- [Exercise objective] Copy out again, unchanged, the listing below from the line that has "by exists (fun" through the line that has "by exists z; rewrite zS zL om_le_refl.".
[[ Material for this task, beginning ]]
Lemma syn_divides_words (M : ordMonoid) (u v : bool -> seq bool) :
  syn_divides L M ->
  exists (I : {set M}) (xu xv : bool -> M), order_ideal I /\
    forall ps : seq (bool * bool),
      (wordval [seq xu st.1 | st <- ps] [seq xv st.2 | st <- ps] \in I) =
      L (flatten [seq u st.1 ++ v st.2 | st <- ps]).
Proof.
move=> [S [rep [[S1 S_mul] rep1 rep_mul rep_le rep_onto]]].
have lift (g : bool -> seq bool) :
    exists xg : bool -> M, forall b, xg b \in S /\ syneq L (rep (xg b)) (g b).
  have [x1 x1S x1E] := rep_onto (g true); have [x0 x0S x0E] := rep_onto (g false).
  by exists (fun b => if b then x1 else x0); case.
have [xu xuP] := lift u; have [xv xvP] := lift v.
pose I := [set z : M | [exists y in S, L (rep y) && om_le z y]].
exists I, xu, xv; split.
  apply/forallP => x; apply/forallP => y; apply/implyP; rewrite !inE.
  case/andP => /existsP [z /andP [zS /andP [zL yz]]] xy.
  by apply/existsP; exists z; rewrite zS zL (om_le_trans xy yz).
have memI z : z \in S -> (z \in I) = L (rep z).
  move=> zS; rewrite inE; apply/existsP/idP => [[y /andP [yS /andP [yL zy]]]|zL].
    by have := rep_le _ _ zS yS zy [::] [::]; rewrite /= !cats0; apply.
  by exists z; rewrite zS zL om_le_refl.
(* Invariant: the value of the word lies in S and represents the word. *)
move=> ps; set w := wordval _ _.
suff [wS wE] : w \in S /\ syneq L (rep w) (flatten [seq u st.1 ++ v st.2 | st <- ps]).
  by rewrite memI // (syneq_mem wE).
rewrite {}/w; elim: ps => [|[s t] ps [wS wE]] //=; rewrite wordval_cons.
have [xuS xuE] := xuP s; have [xvS xvE] := xvP t; have xuvS := S_mul _ _ xuS xvS.
split; first exact: S_mul.
apply: syneq_trans (rep_mul _ _ xuvS wS) _; apply: syneq_cat wE.
exact: syneq_trans (rep_mul _ _ xuS xvS) (syneq_cat xuE xvE).
Qed.

Lemma syntactic_fooling_lb (M : ordMonoid) (R : bool -> bool -> bool)
    (u v : bool -> seq bool) (sig : bool -> bool) :
  syn_divides L M ->
  (forall ps : seq (bool * bool),
     L (flatten [seq u st.1 ++ v st.2 | st <- ps]) = all (fun st => R st.1 st.2) ps) ->
  (forall s, R s (sig s)) ->
  (forall s s', R s (sig s') -> R s' (sig s) -> s = s') ->
  OmegaN (N1M M).
Proof.
move=> Mdiv L_blocks R_diag R_fool; apply: (omega_of (D := 1)) => // n.
rewrite divn1; apply: leq_trans (leq_pred n) _.
have [I [xu [xv [idealI memI]]]] := syn_divides_words u v Mdiv.
pose al (a : {ffun 'I_n -> bool}) := padded n [seq xu (a k) | k <- enum 'I_n].
pose be (b : {ffun 'I_n -> bool}) := padded n [seq xv (sig (b k)) | k <- enum 'I_n].
have size_n (T : Type) (g : 'I_n -> T) : size [seq g k | k <- enum 'I_n] = n.
  by rewrite size_map size_enum_ord.
have word_R a b : word_fun I (al a) (be b) = all (fun k => R (a k) (sig (b k))) (enum 'I_n).
  rewrite word_fun_padded ?size_n //.
  pose ps := [seq (a k, sig (b k)) | k <- enum 'I_n].
  have -> : [seq xu (a k) | k <- enum 'I_n] = [seq xu st.1 | st <- ps] by rewrite /ps -map_comp.
  have -> : [seq xv (sig (b k)) | k <- enum 'I_n] = [seq xv st.2 | st <- ps]
    by rewrite /ps -map_comp.
  by rewrite memI L_blocks all_map.
apply: (N1M_ge idealI).
have := fooling_set_lb (f := word_fun I (n := n)) (al := al) (be := be).
rewrite card_ffun card_bool card_ord; apply => [a|a b]; rewrite !word_R.
  by apply/allP => k _.
move=> /allP ab /allP ba; apply/ffunP => k.
by apply: R_fool; [apply: ab | apply: ba]; rewrite mem_enum.
Qed.

End SyntacticCase.

(* BA_2^+: Alice writes a (s = 1) or ab (s = 0), Bob writes b (t = 1) or
   ab (t = 0); the word is in (ab)^* iff s = t at every position, so the
   inputs (a, a) form a fooling set. *)
Lemma BA2_lb (M : ordMonoid) : BA2p_divides M -> OmegaN (N1M M).
Proof.
move=> Mdiv; apply: (@syntactic_fooling_lb abstar M (fun s t => s == t)
   (fun s => if s then [:: true] else [:: true; false])
   (fun t => if t then [:: false] else [:: true; false]) id Mdiv) => [|//|s s' /eqP //].
by elim => [|[[] []] ps IH].
Qed.

(* U^+: Alice writes b s, Bob writes t b (a letter bit being a when on);
   the word avoids aa iff s and t are never both on, a disjointness test
   whose fooling set is (a, complement of a). *)
Lemma Up_lb (M : ordMonoid) : Up_divides M -> OmegaN (N1M M).
Proof.
move=> Mdiv; apply: (@syntactic_fooling_lb noaa M (fun s t => ~~ (s && t))
   (fun s => [:: false; s]) (fun t => [:: t; false]) negb Mdiv) => [|[]|[] []] //.
elim => [|[s t] ps IH] //=; rewrite /noaa in IH *; rewrite -IH.
by case: s; case: t => //=; case: (flatten _) => //= [] [].
Qed.

Section Orbits.

Variable M : ordMonoid.
Implicit Types (x h : M) (a b c d r : nat).

Lemma mpowD x a b : mpow x (a + b) = mpow x a ** mpow x b.
Proof. by elim: a => [|a IH]; rewrite ?om_mul1 //= IH om_mulA. Qed.

Lemma mpow_comm x a : mpow x a ** x = x ** mpow x a.
Proof. by elim: a => [|a IH] /=; rewrite ?om_mul1 ?om_mulr1 // -om_mulA IH. Qed.

Definition orb h (e0 : M) r := mpow h r ** e0.

Lemma orb0 h (e0 : M) : orb h e0 0 = e0.
Proof. exact: om_mul1. Qed.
[[ Material for this task, end ]]
- [Response area]
  by exists (fun b => if b then x1 else x0); case.
have [xu xuP] := lift u; have [xv xvP] := lift v.
pose I := [set z : M | [exists y in S, L (rep y) && om_le z y]].
exists I, xu, xv; split.
  apply/forallP => x; apply/forallP => y; apply/implyP; rewrite !inE.
  case/andP => /existsP [z /andP [zS /andP [zL yz]]] xy.
  by apply/existsP; exists z; rewrite zS zL (om_le_trans xy yz).
have memI z : z \in S -> (z \in I) = L (rep z).
  move=> zS; rewrite inE; apply/existsP/idP => [[y /andP [yS /andP [yL zy]]]|zL].
    by have := rep_le _ _ zS yS zy [::] [::]; rewrite /= !cats0; apply.
  by exists z; rewrite zS zL om_le_refl.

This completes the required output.